(* Let each $f_\xi:\mathbb{R}^d\to\mathbb{R}$, $\xi\sim\mathcal{D}$, be differentiable and $\mu$-strongly convex with $\mu>0$, let $f=\mathbb{E}_{\xi\sim\mathcal{D}}[f_\xi]$ with minimizer $x_\star$, and define $\sigma_\star^2:=\mathbb{E}_{\xi\sim\mathcal{D}}\|\nabla f_\xi(x_\star)\|^2$. Let $x_0\in\mathbb{R}^d$ be arbitrary and consider SPPM: $x_{k+1}=\operatorname{prox}_{\gamma f_{\xi_k}}(x_k)$, with $\xi_k\sim\mathcal{D}$ sampled independently at each step. Then for any $\gamma>0$ and any $k\ge0$, $$\mathbb{E}\|x_k-x_\star\|^2\le\left(\frac{1}{1+\gamma\mu}\right)^{2k}\|x_0-x_\star\|^2+\frac{\gamma\sigma_\star^2}{\gamma\mu^2+2\mu}.$$
   Context: $\operatorname{prox}_{\gamma\phi}(y):=\arg\min_{x\in\mathbb{R}^d}\{\phi(x)+\frac{1}{2\gamma}\|x-y\|^2\}$. $\mu$-strong convexity of $g$: $g(y)+\langle\nabla g(y),x-y\rangle+\frac{\mu}{2}\|x-y\|^2\le g(x)$ for all $x,y$. Differentiation and expectation are assumed interchangeable, so $\nabla f=\mathbb{E}[\nabla f_\xi]$. *)

From HB Require Import structures.
From mathcomp Require Import all_boot all_order all_algebra.
From mathcomp Require Import all_classical all_reals all_analysis.
Set Implicit Arguments. Unset Strict Implicit. Unset Printing Implicit Defensive.
Import Order.TTheory GRing.Theory Num.Theory.
Import numFieldNormedType.Exports.
Local Open Scope classical_set_scope.
Local Open Scope ring_scope.

Section Defs.
Variables (R : realType) (n : nat).

Definition dotp (u v : 'rV[R]_n) : R := \sum_(i < n) u 0 i * v 0 i.
Definition sqnorm (u : 'rV[R]_n) : R := dotp u u.

Definition gradient (f : 'rV[R]_n -> R) (x : 'rV[R]_n) : 'rV[R]_n :=
  \row_i ('d f x (delta_mx 0 i)).

Definition strongly_convex (mu : R) (g : 'rV[R]_n -> R) : Prop :=
  forall x y, g y + dotp (gradient g y) (x - y) + mu / 2 * sqnorm (x - y) <= g x.

Definition is_prox (gamma : R) (phi : 'rV[R]_n -> R) (y x : 'rV[R]_n) : Prop :=
  forall z, phi x + sqnorm (x - y) / (2 * gamma) <= phi z + sqnorm (z - y) / (2 * gamma).

(* prox_{gamma phi}(y) := argmin (chosen by choice; unique when it exists
   for strongly convex phi) *)
Definition prox (gamma : R) (phi : 'rV[R]_n -> R) (y : 'rV[R]_n) : 'rV[R]_n :=
  xget 0 (is_prox gamma phi y).

Variables (d : measure_display) (Xi : measurableType d) (P : probability Xi R).

Definition expect_fun (F : Xi -> 'rV[R]_n -> R) (x : 'rV[R]_n) : R :=
  fine (\int[P]_xi (F xi x)%:E).

Definition sigma_star2 (F : Xi -> 'rV[R]_n -> R) (xstar : 'rV[R]_n) : \bar R :=
  \int[P]_xi (sqnorm (gradient (F xi) xstar))%:E.

(* sppm_expect F gamma g k x = E[ g(x_k) ] where x_0 = x and
   x_{j+1} = prox_{gamma f_{xi_j}}(x_j) with xi_0, xi_1, ... i.i.d. ~ P:
   the expectation over the independent samples as an iterated integral
   (outermost integral over xi_0). *)
Fixpoint sppm_expect (F : Xi -> 'rV[R]_n -> R) (gamma : R)
    (g : 'rV[R]_n -> \bar R) (k : nat) (x : 'rV[R]_n) : \bar R :=
  match k with
  | 0 => g x
  | k'.+1 => \int[P]_xi sppm_expect F gamma g k' (prox gamma (F xi) x)
  end.

End Defs.

(* The proximal step of a mu-strongly convex f_xi contracts towards x_\star up to a gradient shift:
   (1 + gamma mu)^2 |prox(y) - x_\star|^2 <= |y - x_\star - gamma grad f_xi(x_\star)|^2,
   because prox(y) minimizes a (mu + 1/gamma)-strongly convex objective.  Taking expectations,
   the cross term vanishes since E grad f_xi(x_\star) = grad f(x_\star) = 0, so
   e_{k+1} <= rho (e_k + gamma^2 sigma_\star^2) with rho = (1 + gamma mu)^-2; unrolling this
   recursion gives the bound, gamma sigma_\star^2 / (gamma mu^2 + 2 mu) being its fixed point. *)

From HB Require Import structures.
From mathcomp Require Import all_boot all_order all_algebra.
From mathcomp Require Import all_classical all_reals all_analysis.
From mathcomp Require Import ring lra.
Import Order.TTheory GRing.Theory Num.Theory.
Import numFieldNormedType.Exports.
Local Open Scope classical_set_scope.
Local Open Scope ring_scope.

Set Implicit Arguments. Unset Strict Implicit.

Section InnerProduct.
Variables (R : realType) (n : nat).
Implicit Types (u v w : 'rV[R]_n) (a : R).

Lemma dotpC u v : dotp u v = dotp v u.
Proof. by apply: eq_bigr => i _; rewrite mulrC. Qed.

Lemma dotpDl u v w : dotp (u + v) w = dotp u w + dotp v w.
Proof. by rewrite /dotp -big_split; apply: eq_bigr => i _; rewrite mxE mulrDl. Qed.

Lemma dotpZl a u v : dotp (a *: u) v = a * dotp u v.
Proof. by rewrite /dotp mulr_sumr; apply: eq_bigr => i _; rewrite mxE mulrA. Qed.

Lemma dotpNl u v : dotp (- u) v = - dotp u v.
Proof. by rewrite -scaleN1r dotpZl mulN1r. Qed.

Lemma dotpBl u v w : dotp (u - v) w = dotp u w - dotp v w.
Proof. by rewrite dotpDl dotpNl. Qed.

Lemma dotpDr u v w : dotp w (u + v) = dotp w u + dotp w v.
Proof. by rewrite dotpC dotpDl !(dotpC w). Qed.

Lemma dotpZr a u v : dotp v (a *: u) = a * dotp v u.
Proof. by rewrite dotpC dotpZl dotpC. Qed.

Lemma dotpBr u v w : dotp w (u - v) = dotp w u - dotp w v.
Proof. by rewrite dotpC dotpBl !(dotpC w). Qed.

Lemma sqnorm_ge0 u : 0 <= sqnorm u.
Proof. by apply: sumr_ge0 => i _; rewrite -expr2 sqr_ge0. Qed.

Lemma sqnorm0 : sqnorm (0 : 'rV[R]_n) = 0.
Proof. by rewrite /sqnorm /dotp big1 // => i _; rewrite mxE mulr0. Qed.

Lemma sqnormD u v : sqnorm (u + v) = sqnorm u + 2 * dotp u v + sqnorm v.
Proof. rewrite /sqnorm !dotpDl !dotpDr (dotpC v u); lra. Qed.

Lemma sqnormB u v : sqnorm (u - v) = sqnorm u - 2 * dotp u v + sqnorm v.
Proof. rewrite /sqnorm !dotpBl !dotpBr (dotpC v u); lra. Qed.

Lemma sqnormZ a u : sqnorm (a *: u) = a ^+ 2 * sqnorm u.
Proof. by rewrite /sqnorm dotpZl dotpZr mulrA -expr2. Qed.

Lemma sqr_coord_le_sqnorm u (i : 'I_n) : u 0 i ^+ 2 <= sqnorm u.
Proof.
rewrite /sqnorm /dotp (bigD1 i) //= -expr2 lerDl.
by apply: sumr_ge0 => j _; rewrite -expr2 sqr_ge0.
Qed.

Lemma sqnorm_le_of_dotp (m : R) u v :
  0 <= m -> m * sqnorm u <= dotp u v -> m ^+ 2 * sqnorm u <= sqnorm v.
Proof.
move=> m0 muv; have := sqnorm_ge0 (m *: u - v).
rewrite sqnormB sqnormZ dotpZl => h.
have := ler_wpM2l m0 muv; rewrite expr2; nra.
Qed.

Lemma continuous_sqnorm : continuous (@sqnorm R n).
Proof.
move=> u; rewrite /sqnorm /dotp.
elim: (index_enum _) => [|i s IH].
  by under eq_fun do rewrite big_nil; exact: cst_continuous.
under eq_fun do rewrite big_cons.
have ci j : {for u, continuous (fun v : 'rV[R]_n => v 0 j)}.
  exact: coord_continuous.
exact: (cvgD (cvgM (ci i) (ci i)) IH).
Qed.

End InnerProduct.

Lemma ler_of_scaled_by_one_minus (R : realFieldType) (a b : R) :
  (forall t, 0 < t < 1 -> (1 - t) * b <= a) -> b <= a.
Proof.
move=> H; rewrite leNgt; apply/negP => ab.
have [b0|b0] := lerP b 0.
  have := H (2^-1) ltac:(lra); nra.
(* at [t := (b - a) / (2 b - a)] one has [(1 - t) b = b^2 / (2 b - a) > a] *)
pose t := (b - a) / (2 * b - a).
have den : 0 < 2 * b - a by lra.
have t0 : 0 < t by rewrite /t divr_gt0 //; lra.
have t1 : t < 1 by rewrite /t ltr_pdivrMr //; lra.
have := H t ltac:(lra).
have -> : 1 - t = b / (2 * b - a) by rewrite /t; field; lra.
by rewrite mulrAC ler_pdivrMr //; nra.
Qed.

---

## EXERCISE
Only these lines should appear in the reply: the one containing "have [b0|b0] := lerP b 0.", the last line of the data, and all lines between them, each copied exactly.

## SOLUTION
have [b0|b0] := lerP b 0.
  have := H (2^-1) ltac:(lra); nra.
(* at [t := (b - a) / (2 b - a)] one has [(1 - t) b = b^2 / (2 b - a) > a] *)
pose t := (b - a) / (2 * b - a).
have den : 0 < 2 * b - a by lra.
have t0 : 0 < t by rewrite /t divr_gt0 //; lra.
have t1 : t < 1 by rewrite /t ltr_pdivrMr //; lra.
have := H t ltac:(lra).
have -> : 1 - t = b / (2 * b - a) by rewrite /t; field; lra.
by rewrite mulrAC ler_pdivrMr //; nra.
Qed.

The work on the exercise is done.